» **Collected data entries**

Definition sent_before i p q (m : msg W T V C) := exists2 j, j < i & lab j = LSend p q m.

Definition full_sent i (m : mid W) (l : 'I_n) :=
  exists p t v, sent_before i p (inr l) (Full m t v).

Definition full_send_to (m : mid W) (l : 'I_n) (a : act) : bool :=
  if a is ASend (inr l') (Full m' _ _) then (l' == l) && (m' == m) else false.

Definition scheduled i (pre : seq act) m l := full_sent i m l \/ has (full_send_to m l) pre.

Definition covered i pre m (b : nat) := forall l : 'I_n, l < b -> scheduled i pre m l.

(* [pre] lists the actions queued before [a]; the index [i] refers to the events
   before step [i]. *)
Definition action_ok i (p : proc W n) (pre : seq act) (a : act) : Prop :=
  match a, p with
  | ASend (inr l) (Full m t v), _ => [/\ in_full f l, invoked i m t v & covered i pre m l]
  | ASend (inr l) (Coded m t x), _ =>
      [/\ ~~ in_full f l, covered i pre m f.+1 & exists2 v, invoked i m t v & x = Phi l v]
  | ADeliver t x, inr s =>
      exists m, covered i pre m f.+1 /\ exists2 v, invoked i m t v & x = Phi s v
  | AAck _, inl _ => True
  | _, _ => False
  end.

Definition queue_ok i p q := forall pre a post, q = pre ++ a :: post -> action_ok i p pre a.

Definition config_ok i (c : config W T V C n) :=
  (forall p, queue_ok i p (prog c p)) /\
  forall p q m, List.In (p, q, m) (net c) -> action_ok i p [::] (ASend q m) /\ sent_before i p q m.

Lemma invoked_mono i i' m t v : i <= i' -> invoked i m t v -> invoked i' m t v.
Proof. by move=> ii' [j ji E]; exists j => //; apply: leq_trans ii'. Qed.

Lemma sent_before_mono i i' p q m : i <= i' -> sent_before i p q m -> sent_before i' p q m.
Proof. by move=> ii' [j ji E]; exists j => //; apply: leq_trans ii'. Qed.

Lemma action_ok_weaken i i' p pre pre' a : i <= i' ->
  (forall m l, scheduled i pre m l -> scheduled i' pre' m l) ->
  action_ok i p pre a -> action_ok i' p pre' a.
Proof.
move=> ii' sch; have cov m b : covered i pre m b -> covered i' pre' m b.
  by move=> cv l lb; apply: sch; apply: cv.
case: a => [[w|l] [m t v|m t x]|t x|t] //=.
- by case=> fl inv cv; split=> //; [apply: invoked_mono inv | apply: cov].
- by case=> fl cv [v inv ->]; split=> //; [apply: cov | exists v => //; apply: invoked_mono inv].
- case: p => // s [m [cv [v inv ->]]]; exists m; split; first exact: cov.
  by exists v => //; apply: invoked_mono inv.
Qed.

...

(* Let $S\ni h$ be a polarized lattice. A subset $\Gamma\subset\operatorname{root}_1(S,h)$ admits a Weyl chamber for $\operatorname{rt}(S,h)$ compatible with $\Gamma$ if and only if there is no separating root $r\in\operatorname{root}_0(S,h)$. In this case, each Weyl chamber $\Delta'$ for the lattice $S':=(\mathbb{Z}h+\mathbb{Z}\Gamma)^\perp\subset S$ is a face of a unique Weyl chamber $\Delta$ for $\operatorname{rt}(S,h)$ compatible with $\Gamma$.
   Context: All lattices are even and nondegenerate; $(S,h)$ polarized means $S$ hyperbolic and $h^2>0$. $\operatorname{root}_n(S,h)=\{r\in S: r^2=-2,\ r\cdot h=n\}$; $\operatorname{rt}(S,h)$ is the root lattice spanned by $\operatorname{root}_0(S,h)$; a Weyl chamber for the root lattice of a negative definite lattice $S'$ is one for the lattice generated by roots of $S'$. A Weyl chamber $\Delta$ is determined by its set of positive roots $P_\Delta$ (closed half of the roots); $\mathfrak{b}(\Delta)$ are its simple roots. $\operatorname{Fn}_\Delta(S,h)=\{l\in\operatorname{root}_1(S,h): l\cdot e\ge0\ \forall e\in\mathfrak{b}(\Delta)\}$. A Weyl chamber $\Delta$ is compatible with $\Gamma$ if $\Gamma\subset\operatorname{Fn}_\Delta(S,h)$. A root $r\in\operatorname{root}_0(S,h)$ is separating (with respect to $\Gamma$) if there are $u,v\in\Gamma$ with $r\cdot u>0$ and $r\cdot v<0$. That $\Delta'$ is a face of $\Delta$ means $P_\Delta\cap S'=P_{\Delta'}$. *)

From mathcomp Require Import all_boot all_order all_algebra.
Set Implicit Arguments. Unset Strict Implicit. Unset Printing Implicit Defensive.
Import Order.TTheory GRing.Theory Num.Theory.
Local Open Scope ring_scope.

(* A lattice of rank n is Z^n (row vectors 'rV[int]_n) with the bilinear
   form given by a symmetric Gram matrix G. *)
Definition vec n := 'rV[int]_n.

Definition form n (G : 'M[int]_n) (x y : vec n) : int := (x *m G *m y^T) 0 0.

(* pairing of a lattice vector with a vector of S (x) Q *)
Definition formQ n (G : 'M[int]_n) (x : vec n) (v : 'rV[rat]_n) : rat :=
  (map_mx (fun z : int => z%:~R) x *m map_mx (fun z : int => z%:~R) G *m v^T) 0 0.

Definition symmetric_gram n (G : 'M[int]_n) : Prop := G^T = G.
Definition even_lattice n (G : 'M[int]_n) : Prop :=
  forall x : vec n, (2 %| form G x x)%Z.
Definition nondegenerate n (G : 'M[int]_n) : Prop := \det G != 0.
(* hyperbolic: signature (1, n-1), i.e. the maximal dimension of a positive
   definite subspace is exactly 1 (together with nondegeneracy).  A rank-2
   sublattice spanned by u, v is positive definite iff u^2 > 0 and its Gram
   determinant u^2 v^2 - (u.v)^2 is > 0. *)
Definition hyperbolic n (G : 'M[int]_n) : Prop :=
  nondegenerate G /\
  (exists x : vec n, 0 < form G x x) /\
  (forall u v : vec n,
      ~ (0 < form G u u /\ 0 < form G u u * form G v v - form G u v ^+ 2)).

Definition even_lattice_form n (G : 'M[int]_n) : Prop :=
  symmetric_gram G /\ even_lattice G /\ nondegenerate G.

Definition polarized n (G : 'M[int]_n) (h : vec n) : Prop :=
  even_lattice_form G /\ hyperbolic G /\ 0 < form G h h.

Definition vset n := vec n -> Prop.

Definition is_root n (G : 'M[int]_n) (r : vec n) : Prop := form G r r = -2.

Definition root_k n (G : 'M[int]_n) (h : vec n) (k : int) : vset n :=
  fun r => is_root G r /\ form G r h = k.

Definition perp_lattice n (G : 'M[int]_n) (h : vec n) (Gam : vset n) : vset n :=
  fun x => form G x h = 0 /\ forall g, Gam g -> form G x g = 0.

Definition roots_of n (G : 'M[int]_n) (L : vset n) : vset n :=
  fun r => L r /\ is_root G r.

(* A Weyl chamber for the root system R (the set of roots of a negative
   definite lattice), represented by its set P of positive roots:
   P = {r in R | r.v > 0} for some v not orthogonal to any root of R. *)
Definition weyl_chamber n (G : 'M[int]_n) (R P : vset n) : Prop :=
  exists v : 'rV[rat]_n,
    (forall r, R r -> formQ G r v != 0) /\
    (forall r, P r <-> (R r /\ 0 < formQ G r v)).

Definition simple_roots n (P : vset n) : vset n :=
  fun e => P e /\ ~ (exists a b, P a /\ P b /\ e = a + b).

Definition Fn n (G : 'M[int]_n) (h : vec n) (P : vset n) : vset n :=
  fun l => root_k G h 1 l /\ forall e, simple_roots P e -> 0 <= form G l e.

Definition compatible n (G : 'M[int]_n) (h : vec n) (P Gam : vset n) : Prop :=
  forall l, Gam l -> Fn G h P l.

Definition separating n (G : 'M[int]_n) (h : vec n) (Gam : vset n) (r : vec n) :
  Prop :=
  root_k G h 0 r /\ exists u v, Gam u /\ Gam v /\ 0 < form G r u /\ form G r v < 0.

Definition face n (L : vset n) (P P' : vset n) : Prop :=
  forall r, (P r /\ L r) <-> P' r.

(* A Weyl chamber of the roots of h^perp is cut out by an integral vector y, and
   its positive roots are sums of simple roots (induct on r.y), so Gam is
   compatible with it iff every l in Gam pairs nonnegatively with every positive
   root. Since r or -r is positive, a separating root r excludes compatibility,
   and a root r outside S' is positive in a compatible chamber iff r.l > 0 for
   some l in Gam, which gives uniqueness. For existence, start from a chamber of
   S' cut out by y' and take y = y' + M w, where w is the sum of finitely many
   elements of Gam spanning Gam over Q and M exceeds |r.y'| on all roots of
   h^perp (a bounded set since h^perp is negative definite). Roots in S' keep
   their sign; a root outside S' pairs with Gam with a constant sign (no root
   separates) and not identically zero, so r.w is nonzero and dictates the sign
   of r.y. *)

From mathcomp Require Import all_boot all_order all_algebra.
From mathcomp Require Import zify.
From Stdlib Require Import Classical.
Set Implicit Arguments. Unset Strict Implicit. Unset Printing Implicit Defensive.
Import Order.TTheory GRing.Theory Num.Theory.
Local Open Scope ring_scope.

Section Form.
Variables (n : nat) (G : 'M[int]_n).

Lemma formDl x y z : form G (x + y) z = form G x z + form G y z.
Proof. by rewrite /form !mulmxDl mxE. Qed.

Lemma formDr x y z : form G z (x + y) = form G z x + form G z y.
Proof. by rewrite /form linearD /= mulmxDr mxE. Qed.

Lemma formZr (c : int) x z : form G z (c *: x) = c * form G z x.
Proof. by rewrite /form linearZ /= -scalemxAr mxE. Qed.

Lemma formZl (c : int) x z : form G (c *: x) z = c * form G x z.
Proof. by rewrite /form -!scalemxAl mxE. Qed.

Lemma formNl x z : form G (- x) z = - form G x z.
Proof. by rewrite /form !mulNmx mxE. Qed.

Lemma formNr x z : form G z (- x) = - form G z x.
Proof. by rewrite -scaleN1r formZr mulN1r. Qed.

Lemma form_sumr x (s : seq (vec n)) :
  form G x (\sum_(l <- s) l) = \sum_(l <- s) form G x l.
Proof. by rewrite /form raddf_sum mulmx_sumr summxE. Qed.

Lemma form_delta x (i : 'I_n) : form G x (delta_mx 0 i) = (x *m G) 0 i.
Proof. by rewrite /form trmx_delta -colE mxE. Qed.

» **Task to complete**
With the first line being the one containing "Definition full_send_to (m" and the last line the one containing "(Coded m t x), _ =>", transcribe exactly the lines above that fall in that range.

» **Task output**
Definition full_send_to (m : mid W) (l : 'I_n) (a : act) : bool :=
  if a is ASend (inr l') (Full m' _ _) then (l' == l) && (m' == m) else false.

Definition scheduled i (pre : seq act) m l := full_sent i m l \/ has (full_send_to m l) pre.

Definition covered i pre m (b : nat) := forall l : 'I_n, l < b -> scheduled i pre m l.

(* [pre] lists the actions queued before [a]; the index [i] refers to the events
   before step [i]. *)
Definition action_ok i (p : proc W n) (pre : seq act) (a : act) : Prop :=
  match a, p with
  | ASend (inr l) (Full m t v), _ => [/\ in_full f l, invoked i m t v & covered i pre m l]
  | ASend (inr l) (Coded m t x), _ =>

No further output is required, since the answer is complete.